He recalled that he had just sat down to eat dinner when the defendant went outside and that he was
finishing his dessert by the time the defendant came back. Shortly after the defendant's return,
someone informed Southers that the police were standing next to his car. Approximately two days
later, Southers learned that he was wanted for questioning in connection with the robbery of the
Pizza Hut. He testified that he gave a statement to the police denying any involvement in the
robbery. Southers recalled that the defendant was wearing a "a blue like coat . . . and some gray
Reeboks" on the night of the robbery.
I
The defendant first asserts that the trial court erred by refusing to suppress the statement he
provided to Detective Bryden. He claims that the statement was the product of coercion and that he
was not fully advised of his rights. In response, the state submits that the requirements of Miranda
were met and that the statement was voluntarily given.
At the suppression hearing, Detective Bryden testified that he had asked a Detective Evans,
who was a friend of the defendant's family, to escort the defendant to the police station for
questioning. While he was aware that the defendant was only seventeen years old at that time,
Detective Bryden explained that he also knew that the defendant had been declared an adult in an
unrelated robbery case and had entered a plea of guilty in the criminal court. Detective Bryden
testified that he read the waiver of rights form to the defendant before asking him to sign the
document and confirmed that he understood his rights before the interrogation.

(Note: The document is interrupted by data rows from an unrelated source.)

(* Let $D'$ be a Falk subcomplex of type $s_3$ in the Artin complex $D(B_3)$. Then the orthoscheme metric on $D'$ is $\mathrm{CAT}(0)$.
   Context: $A(B_3)=\langle s_1,s_2,s_3 \mid s_1s_2s_1=s_2s_1s_2,\ s_1s_3=s_3s_1,\ s_2s_3s_2s_3=s_3s_2s_3s_2\rangle$ and $W(B_3)$ is its quotient by $s_i^2=1$. For $i=1,2,3$, $\hat s_i$ denotes the standard parabolic subgroup generated by the other two generators (in $A(B_3)$ or $W(B_3)$). The Artin complex $D(B_3)$ (resp. Coxeter complex $C(B_3)$) has vertices the cosets $g\hat s_i$ in $A(B_3)$ (resp. $W(B_3)$), of type $\hat s_i$, and a set of vertices spans a simplex iff the cosets have nonempty common intersection; $C(B_3)$ is a triangulation of the 2-sphere on which $W(B_3)$ acts by reflections. Let $\rho:D(B_3)\to C(B_3)$ be the simplicial map induced by the quotient $A(B_3)\to W(B_3)$. A Falk subcomplex of type $s_3$: take a reflection $r\in W(B_3)$ conjugate to $s_3$, let $H$ be the subcomplex of $C(B_3)$ fixed pointwise by $r$, choose one of the two components of $C(B_3)\setminus H$, let $U$ be the largest closed subcomplex of $C(B_3)$ contained in that component, and take a lift of $U$ along $\rho$ (a subcomplex of $D(B_3)$ mapped isomorphically onto $U$ by $\rho$). The orthoscheme metric on $D'$ is the piecewise Euclidean length metric in which each 2-simplex is a Euclidean isosceles right triangle with the right angle at its vertex of type $\hat s_2$ (angles $\pi/4$ at the vertices of types $\hat s_1$ and $\hat s_3$). *)

From Stdlib Require Import Reals List Relations Bool.
From Coquelicot Require Import Rbar Lub.
Import ListNotations.
Open Scope R_scope.

Inductive gen := s1 | s2 | s3.
(* a letter (a, false) is the generator a, (a, true) is its inverse *)
Definition letter := (gen * bool)%type.
Definition word := list letter.
Definition lt (a : gen) : letter := (a, false).
Definition winv (g : word) : word := rev (map (fun l => (fst l, negb (snd l))) g).

Inductive geq (rels : list (word * word)) : word -> word -> Prop :=
| geq_refl w : geq rels w w
| geq_sym u v : geq rels u v -> geq rels v u
| geq_trans u v w : geq rels u v -> geq rels v w -> geq rels u w
| geq_free u v a b : geq rels (u ++ (a, b) :: (a, negb b) :: v) (u ++ v)
| geq_rel u v l r : In (l, r) rels -> geq rels (u ++ l ++ v) (u ++ r ++ v).

Definition relsA : list (word * word) :=
  [ ([lt s1; lt s2; lt s1], [lt s2; lt s1; lt s2]);
    ([lt s1; lt s3], [lt s3; lt s1]);
    ([lt s2; lt s3; lt s2; lt s3], [lt s3; lt s2; lt s3; lt s2]) ].
Definition relsW : list (word * word) :=
  relsA ++ [ ([lt s1; lt s1], []); ([lt s2; lt s2], []); ([lt s3; lt s3], []) ].

Definition eqA := geq relsA.
Definition eqW := geq relsW.

(* the coset g \hat s_i (as a set of words, closed under the group equality) *)
Definition coset (rels : list (word * word)) (i : gen) (g : word) : word -> Prop :=
  fun w => exists h, (forall l, In l h -> fst l <> i) /\ geq rels w (g ++ h).

(* a vertex: its type i (meaning type \hat s_i) and the coset itself *)
Definition vertex := (gen * (word -> Prop))%type.

Definition isVertex rels (v : vertex) : Prop := exists g, snd v = coset rels (fst v) g.

Definition simplex rels (s : list vertex) : Prop :=
  s <> [] /\ (forall v, In v s -> isVertex rels v) /\
  exists w, forall v, In v s -> snd v w.

Definition simplexA := simplex relsA.
Definition simplexW := simplex relsW.

Definition rhoV (v : vertex) : vertex :=
  (fst v, fun w => exists u, snd v u /\ eqW w u).

Definition reflS3 (r : word) : Prop := exists g, eqW r (g ++ [lt s3] ++ winv g).

Definition actV (r : word) (v : vertex) : vertex :=
  (fst v, fun w => exists u, snd v u /\ eqW w (r ++ u)).

Definition fixedV (r : word) (v : vertex) : Prop := actV r v = v.

Definition adjNF (r : word) (u v : vertex) : Prop :=
  isVertex relsW u /\ isVertex relsW v /\ ~ fixedV r u /\ ~ fixedV r v /\
  simplexW [u; v].

(* U: the largest closed subcomplex of C(B_3) contained in the component of
   C(B_3) \ H containing the (non-fixed) vertex v0 *)
Definition Ucomp (r : word) (v0 : vertex) (s : list vertex) : Prop :=
  simplexW s /\
  forall v, In v s -> ~ fixedV r v /\ clos_refl_trans vertex (adjNF r) v0 v.

Definition isLift (K : list vertex -> Prop) (U : list vertex -> Prop) : Prop :=
  (forall s, K s -> simplexA s) /\
  (forall s s', K s -> s' <> [] -> incl s' s -> K s') /\
  (forall s, K s -> U (map rhoV s)) /\
  (forall t, U t -> exists s, K s /\ forall w, In w t <-> In w (map rhoV s)) /\
  (forall v v' s s', K s -> K s' -> In v s -> In v' s' -> rhoV v = rhoV v' -> v = v').

Definition pt := vertex -> R.

(* position of the vertex of type \hat s_i in the model isosceles right
   triangle, right angle at the vertex of type \hat s_2 *)
Definition pos (v : vertex) : R * R :=
  match fst v with s1 => (0, 0) | s2 => (1, 0) | s3 => (1, 1) end.

Definition eucl (p q : R * R) : R :=
  sqrt ((fst p - fst q) ^ 2 + (snd p - snd q) ^ 2).

Fixpoint sumL (s : list vertex) (f : vertex -> R) : R :=
  match s with [] => 0 | v :: s' => f v + sumL s' f end.

Definition image (s : list vertex) (x : pt) : R * R :=
  (sumL s (fun v => x v * fst (pos v)), sumL s (fun v => x v * snd (pos v))).

(* points of the geometric realization |K| (barycentric coordinates) *)
Definition inSimplex (s : list vertex) (x : pt) : Prop :=
  (forall v, x v <> 0 -> In v s) /\ (forall v, 0 <= x v) /\ sumL s x = 1.

Definition isPt (K : list vertex -> Prop) (x : pt) : Prop :=
  exists s, K s /\ NoDup s /\ inSimplex s x.

Definition pieceLen (K : list vertex -> Prop) (x y : pt) (d : R) : Prop :=
  exists s, K s /\ NoDup s /\ inSimplex s x /\ inSimplex s y /\
    d = eucl (image s x) (image s y).

Fixpoint strLen (K : list vertex -> Prop) (x : pt) (ps : list pt) (y : pt) (d : R)
  : Prop :=
  match ps with
  | [] => pieceLen K x y d
  | p :: ps' => exists d1 d2, pieceLen K x p d1 /\ strLen K p ps' y d2 /\ d = d1 + d2
  end.

Definition dist (K : list vertex -> Prop) (x y : pt) : Rbar :=
  Glb_Rbar (fun d => exists ps, Forall (isPt K) ps /\ strLen K x ps y d).

Definition geodesic (K : list vertex -> Prop) (g : R -> pt) (x y : pt) (l : R) : Prop :=
  0 <= l /\ g 0 = x /\ g l = y /\
  forall s t, 0 <= s <= l -> 0 <= t <= l ->
    isPt K (g s) /\ dist K (g s) (g t) = Finite (Rabs (s - t)).

Definition cmp (a b : R * R) (l s : R) : R * R :=
  (fst a + (s / l) * (fst b - fst a), snd a + (s / l) * (snd b - snd a)).

Definition CAT0 (K : list vertex -> Prop) : Prop :=
  (forall x y, isPt K x -> isPt K y -> exists g l, geodesic K g x y l) /\
  forall (x y z : pt) (g1 g2 g3 : R -> pt) (l1 l2 l3 : R) (xb yb zb : R * R),
    geodesic K g1 x y l1 -> geodesic K g2 y z l2 -> geodesic K g3 z x l3 ->
    eucl xb yb = l1 -> eucl yb zb = l2 -> eucl zb xb = l3 ->
    let sides := [(g1, l1, xb, yb); (g2, l2, yb, zb); (g3, l3, zb, xb)] in
    forall e1 e2 s t, In e1 sides -> In e2 sides ->
      match e1, e2 with (h1, m1, a1, b1), (h2, m2, a2, b2) =>
        0 <= s <= m1 -> 0 <= t <= m2 ->
        Rbar_le (dist K (h1 s) (h2 t)) (Finite (eucl (cmp a1 b1 m1 s) (cmp a2 b2 m2 t)))
      end.

From Pilot Require Import Defs.
From Stdlib Require Import Reals List ZArith Lia Lra Bool Relations Permutation.
From Stdlib Require Import FunctionalExtensionality PropExtensionality Classical
  ClassicalEpsilon IndefiniteDescription.
From Coquelicot Require Import Rbar Lub.
Import ListNotations.

(* W(B_3) acts faithfully on Z^3 by signed permutations (s1, s2 swap coordinates, s3
   negates the last one), and the stabiliser of p_1 = (1,0,0), p_2 = (1,1,0) or
   p_3 = (1,1,1) is the parabolic subgroup \hat s_i.  So the vertex g \hat s_i of
   C(B_3) is the point g p_i, and C(B_3) is the barycentric subdivision of the
   boundary of the cube [-1,1]^3.  A reflection conjugate to s_3 negates one
   coordinate x_k, H is the great circle x_k = 0, and U is the subdivided face
   x_k = e (e = +-1): a square cut into eight isosceles right triangles with right
   angles at the edge midpoints.  A lift of U along rho is a simplicial copy of this
   square, on which the orthoscheme metric is the Euclidean metric of [-1,1]^2; as a
   convex subset of the plane, it is CAT(0). *)

(** * The signed permutation representation of W(B_3) *)

Section Presentations.
Variable rels : list (word * word).

Lemma geq_context u v x y : geq rels u v -> geq rels (x ++ u ++ y) (x ++ v ++ y).
Proof.
  induction 1.
  - apply geq_refl.
  - now apply geq_sym.
  - eapply geq_trans; eassumption.
  - rewrite <- !app_assoc, !(app_assoc x u); apply geq_free.
  - rewrite <- !app_assoc, !(app_assoc x u); now apply geq_rel.
Qed.

Lemma geq_app_l x u v : geq rels u v -> geq rels (x ++ u) (x ++ v).
Proof. intro H; pose proof (geq_context u v x [] H) as H'; now rewrite !app_nil_r in H'. Qed.

Lemma geq_app_winv u w : geq rels (u ++ winv u ++ w) w.
Proof.
  revert w; induction u as [|[a b] u IH]; intro w; [apply geq_refl|].
  change (winv ((a, b) :: u)) with (winv u ++ [(a, negb b)]).
  rewrite <- app_assoc; cbn.
  eapply geq_trans; [apply (geq_app_l [(a, b)]), IH|].
  apply (geq_free rels [] w).
Qed.

End Presentations.

Lemma eqW_letter a b w : eqW ((a, b) :: w) (lt a :: w).
Proof.
  destruct b; [|apply geq_refl].
  eapply geq_trans.
  - apply geq_sym, (geq_rel relsW [(a, true)] w [lt a; lt a] []).
    destruct a; cbv; tauto.
  - apply (geq_free relsW [] (lt a :: w) a true).
Qed.

Definition Z3 := (Z * Z * Z)%type.

Section SignedPermutations.
Variables (A : Type) (neg : A -> A).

On cross-examination, Detective Bryden, who acknowledged that the defendant's mother was
not present during the interview, described the defendant as in custody during the interrogation
because of an arrest warrant in an unrelated case. He conceded that he did not inquire about the
defendant's educational background but asserted that the defendant was able to read aloud a portion
of the waiver of rights form. Detective Bryden denied having threatened to charge the defendant
with four additional aggravated robberies unless he confessed.
The defendant, who had dropped out of school in the ninth grade, admitted that he was able
to read and write but insisted that Detective Bryden informed him that if he were convicted of four
robberies he could receive a sentence of forty-eight years. While acknowledging that the detective
made no promise in exchange for his statement, the defendant testified that he admitted robbing the
Pizza Hut only because he did not want to be charged with the other three robberies. Although he
conceded that he read the waiver of rights form and that Detective Bryden read the form aloud to
him, he claimed that he did not understand it. According to the defendant, he believed that if he gave
a statement he "was going to come to jail and make bond and tell [his] lawyer what happened,
because [he] didn't want to get charged [with] them four robberies." The defendant contended that
he did not fully understand that the statement could be used against him at trial.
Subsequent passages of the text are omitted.